Has anybody out there converted this engine to use knuckle style couplers on the rear? 


I think I may be interested in pulling stock that has knuckle style couplers without making a transition car.


It seems preference would be for Kadee couplers.

Whatever you can tell me will be appreciated.

Thanks in Advance,
Bill in Cypress, Texas


----------



## CapeCodSteam (Jan 2, 2008)

Some people take a Kadee coupler, mill down the end and insert a brass tube for strength and then use that as an adapter for your knuckle cars. I'm sure someone will post a picture.
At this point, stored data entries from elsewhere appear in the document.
Lemma Vx_connect_root_or_FS w : w \in Vx par p ->
  connect (er e A) w s \/ Defs.comp e par p w \in FS e par uC vC p q.
Proof.
move=> wp; have pC : Defs.comp e par p w \in comps e par p by apply: imset_f.
case: (uC_connect_root_or_FS pC) => [u_root|]; [left | by right].
exact: connect_comp_uC (independent_neq_root pq) pC (comp_self wp) Vx_avoidl root_avoid u_root.
Qed.
End AvoidingIndependentPair.

Lemma not_ordered_light_tpedge x y C :
  ~~ ordered_light e par hc uC vC x y -> C \in FS e par uC vC x y ->
  tpedge par uC vC x C y (hc y).
Proof. by move=> /existsPn/(_ C) /nandP[/negP //|/negPn]. Qed.

Lemma Chat_of_FS x y z :
  ~~ ordered_light e par hc uC vC x y -> z \in Vx par x ->
  Defs.comp e par x z \in FS e par uC vC x y -> z \in Chat e par hc uC vC x y.
Proof.
move=> nl zx zFS; apply/bigcupP; exists (Defs.comp e par x z); last exact: comp_self.
by rewrite imset_f //= not_ordered_light_tpedge.
Qed.

Section HeavyPairAboveLca.
Variables x y r : T.
Hypothesis xy : independent par x y.
Hypotheses (nl_xy : ~~ ordered_light e par hc uC vC x y)
  (nl_yx : ~~ ordered_light e par hc uC vC y x).
Hypothesis r_lca : is_lca par (Rset e par hc x) r.
Hypotheses (y_r : anc par y r) (y_neq_r : y != r).
Hypothesis yyh_on : tpedge par uC vC x (Hx e par hc x) y (hc y).

Lemma heavy_child_anc_lca : tedge par x (hc x) -> anc par (hc y) r.
Proof.
move=> xhx; have xH : Hx e par hc x \in comps e par x.
  exact/imset_f/(tedge_Vx xhx (anc_refl _)).
have [uv vH u_out] := uv_spec (independent_neq_root xy) xH.
have uR : uC x (Hx e par hc x) \in Rset e par hc x.
  by rewrite inE u_out; apply/existsP; exists (vC x (Hx e par hc x)); rewrite vH.
case/orP: (anc_total (tpedge_anc_uC xy xH yyh_on) (r_lca.1 _ uR)) => // r_hy.
case: (anc_parent r_hy) => [-> | ]; first exact: anc_refl.
case/andP: yyh_on => /andP[/eqP -> _] _ r_y.
by move: y_neq_r; rewrite (anc_antisym y_r r_y) eqxx.
Qed.

Lemma Hx_of_FS z : z \in Vx par y ->
  Defs.comp e par y z \in FS e par uC vC y x -> z \in Hx e par hc y.
Proof.
move=> zy zFS; set C := Defs.comp e par y z.
have yC : C \in comps e par y by apply: imset_f.
have yx : independent par y x by rewrite independentC.
have C_on := not_ordered_light_tpedge nl_yx zFS.
have xhx : tedge par x (hc x) by case/andP: C_on.
have yhy : tedge par y (hc y) by case/andP: yyh_on.
have [uv vC_in _] := uv_spec (independent_neq_root yx) yC.
have u_Hx : uC y C \in Hx e par hc x := comp_child xhx (tpedge_anc_uC yx yC C_on).
have vR : vC y C \in Rset e par hc x.
  rewrite !inE; apply/andP; split.
    apply/negP => x_v; have := comps_Vx yC vC_in; rewrite !inE => /andP[_ y_v].
    exact: independent_disjoint xy x_v y_v.
  by apply/existsP; exists (uC y C); rewrite u_Hx e_sym.
have v_Hy := comp_child yhy (anc_trans (heavy_child_anc_lca xhx) (r_lca.1 _ vR)).
by rewrite /Hx -(comp_eq v_Hy) (comp_eq vC_in) comp_self.
Qed.

Local Notation A := (setT :\ x :\ y).
Local Notation S := (Chat e par hc uC vC x y :|: Hx e par hc y).

Lemma root_notin_S : s \notin S.
Proof.
apply/negP; case/setUP => [/bigcupP[C /andP[xC _] /(comps_Vx xC)] | ].
  exact: (negP (root_notin_Vx x)).
by rewrite /Hx inE => /andP[/(negP (root_notin_Vx y))].
Qed.

Lemma S_connect_heavy_child z : z \in S -> connect (er e A) z (hc y).
Proof.
have yhy : tedge par y (hc y) by case/andP: yyh_on.
have hy_A : hc y \in A := Vx_avoidr xy (tedge_Vx yhy (anc_refl _)).
case/setUP=> [/bigcupP[C /andP[xC C_on] zC] | ]; last first.
  by rewrite inE connect_erC => /andP[_]; apply: connect_erS (Vx_avoidr xy).
have := comp_child yhy (tpedge_anc_uC xy xC C_on); rewrite inE connect_erC => /andP[_].
move/(connect_erS (Vx_avoidr xy)).
exact: connect_comp_uC (independent_neq_root xy) xC zC (Vx_avoidl xy) hy_A.
Qed.

Lemma avoid_connect_root_or_S z : z \in A -> connect (er e A) z s \/ z \in S.
Proof.
rewrite mem_avoid => /andP[zx zy].
have [x_z|x_z] := boolP (anc par x z).
  have zVx : z \in Vx par x by rewrite !inE zx.
  case: (Vx_connect_root_or_FS xy zVx) => [|zFS]; [by left | right].
  by rewrite inE Chat_of_FS.
have [y_z|y_z] := boolP (anc par y z); last by left; apply: connect_root_outside.
have zVy : z \in Vx par y by rewrite !inE zy.
have yx : independent par y x by rewrite independentC.
case: (Vx_connect_root_or_FS yx zVy) => [z_root|zFS]; [left | right].
  by rewrite !setDDl setUC in z_root; rewrite !setDDl.
by rewrite inE Hx_of_FS ?orbT.
Qed.
End HeavyPairAboveLca.

End Tree.

Theorem claim4p25 (T : finType) (e : rel T) (s : T) (par hc : T -> T)
    (uC vC : T -> {set T} -> T)
    (e_sym : symmetric e) (e_irr : irreflexive e)
    (G_conn : connectedIn e setT)
    (G_nocut : forall v, connectedIn e (setT :\ v))
    (T_bfs : bfs_tree e s par)
    (hc_spec : heavy_child_spec par hc)
    (uv_spec : fixed_edges_spec e s par uC vC)
    (x y r : T)
    (xy_heavy : heavy_pair e par hc uC vC x y)
    (r_lca : is_lca par (Rset e par hc x) r)
    (y_on_path : anc par y (uC x (Hx e par hc x)))
    (y_above : anc par y r) (y_ne_r : y != r)
    (yyh_on : tpedge par uC vC x (Hx e par hc x) y (hc y)) :
  connectedIn e (setT :\ x :\ y) <->
  crossing_edge e (setT :\ x :\ y) (Chat e par hc uC vC x y :|: Hx e par hc y).
Proof.
case: T_bfs => par_root par_edge par_reach _.
have {}par_edge v : v != s -> e v (par v) by case/par_edge.
case/and3P: xy_heavy => xy nl_xy nl_yx.
have yhy : tedge par y (hc y) by case/andP: yyh_on.
have hy_Vy := tedge_Vx par_root par_reach yhy (anc_refl par (hc y)).
apply: (connectedIn_crossing e_sym (h := hc y) (t := s)).
- by apply/setUP; right; apply: comp_self.
- exact: (Vx_avoidr xy hy_Vy).
- exact: (root_avoid par_reach xy).
- exact: (root_notin_S par_root par_reach).
- exact: (S_connect_heavy_child par_root par_reach e_sym par_edge uv_spec xy yyh_on).
- exact: (avoid_connect_root_or_S par_root par_reach e_sym par_edge uv_spec
    xy nl_xy nl_yx r_lca y_above y_ne_r yyh_on).
Qed.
The one I saw was made by Norm Saley.


----------



## rwjenkins (Jan 2, 2008)

For my Wuhu Porter, I scavenged a plastic knuckle coupler from my spare parts box (I think it was either USA Trains or Aristo), cut down the shank to about a 1/4" nub, then filed down the thickness so that it fits snugly into the link-and-pin pocket, and drilled a hole through it so it can be secured in place by the pin.


----------



## Anthony Duarte (Dec 27, 2007)

Accucraft makes some little flat cars and some iron ore cars. I love mine, but their coupler height is a bit higher than the Forney's. I don't have them close by to look at, but I think they're as much as 1/4" off.
I took one of the metal links, heated it up with a torch, and bend it into an S shape to make the connection a bit easier.


----------



## s-4 (Jan 2, 2008)

For my 3 Cylinder shay I used a modified USA-Trains knuckle, simply mounted in the Accucraft fixtures (using the supplied pins). They work great! I think a lot of logging railroads did this for the convenience of having both options. 
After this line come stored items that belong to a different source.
Lemma card_le_z2 (E1 : {set cell m n}) (E2 : {set twoedge m n}) :
  admissible E1 E2 -> #|E1| + #|E2| <= z2 m n.
Proof.
exact: (leq_bigmax_cond (P := fun G : {set cell m n} * {set twoedge m n} => admissible G.1 G.2)
                        (F := fun G => #|G.1| + #|G.2|) (E1, E2)).
Qed.

Lemma z_le_z2 : z m n <= z2 m n.
Proof.
apply/bigmax_leqP => E noC4.
by have := card_le_z2 (admissible_set0 noC4); rewrite cards0 addn0.
Qed.

Definition full_rows (E1 : {set cell m n}) (E2 : {set twoedge m n}) : {set 'I_m} :=
  [set r | [forall j, occupied E1 E2 (r, j)]].

Lemma card_occupied_ub (E1 : {set cell m n}) (E2 : {set twoedge m n}) :
  #|[set c | occupied E1 E2 c]| <= m * n.-1 + #|full_rows E1 E2|.
Proof.
set R := full_rows E1 E2.
apply: (@leq_trans (\sum_(r < m) (n.-1 + (r \in R)))).
  rewrite card_sum_rows; apply: leq_sum => r _; rewrite /R inE.
  case: forallP => [_|/forallP/forallPn [j free]].
    by rewrite addn1; apply: leq_trans (max_card _) _; rewrite card_ord leqSpred.
  rewrite addn0; apply: (@leq_trans #|[set~ j]|); last by rewrite cardsC1 card_ord.
  by apply/subset_leq_card/subsetP => l; rewrite !inE; apply: contraTneq => ->.
rewrite big_split /= sum_nat_const card_ord leq_add2l -sum1_card [leqRHS]big_mkcond /=.
by apply: leq_sum => r _; case: (r \in R).
Qed.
Course in NH we also had these beauties: http://picasaweb.google.com/lh/photo/lBpRKjuXvsUqYu2UAkvNxg?feat=directlink 
A knuckle that can also be used for link and pin!


----------



## Totalwrecker (Feb 26, 2009)

Early Janey couplers were slotted for links ....hmmmmm the first 'crossover'? 

John


----------



## Dean Whipple (Jan 2, 2008)

You didn't say what kind of couplers you have on your other equipment, if your going to eventually convert to a standard type coupler, the Kadee coupler is a good choice, as to your Forney look at Kadee's http://www.kadee.com/htmbord/type_e_gcouplers.htm particularly #904 and #901 although they wont self center they should be easy to rework.


----------



## mack505 (Jan 2, 2008)

Thanks for the link. It's OT for this thread, but I can see a few applications in my fleet for the 916/1916. Never knew about that one.


----------



## TrotFox (Feb 15, 2008)

You can play around with Kadee couplers for this type of install easily enough... It's just file and drill work. It might not support as much train as an untouched Kadee but then, how often are you going to pull 50 cars with your steamer?  

I also did a quick coupler for my Ruby's rear coupler which is very similar, only drilled out big enough for the stock pin. 

Trot, the quick-to-work, fox...


----------



## Larry Green (Jan 2, 2008)

For Kadees, check out the new 900-series with a prototype shape. Not all of the usual shank configurations are out yet, but there is one available now with a long, slender shank to be cut and drilled for installations such as being discussed here. Their website gives the details. 

Larry


----------



## Madstang (Jan 4, 2008)

Sorry computer playing tricks on me...wrong post 
Bubba


----------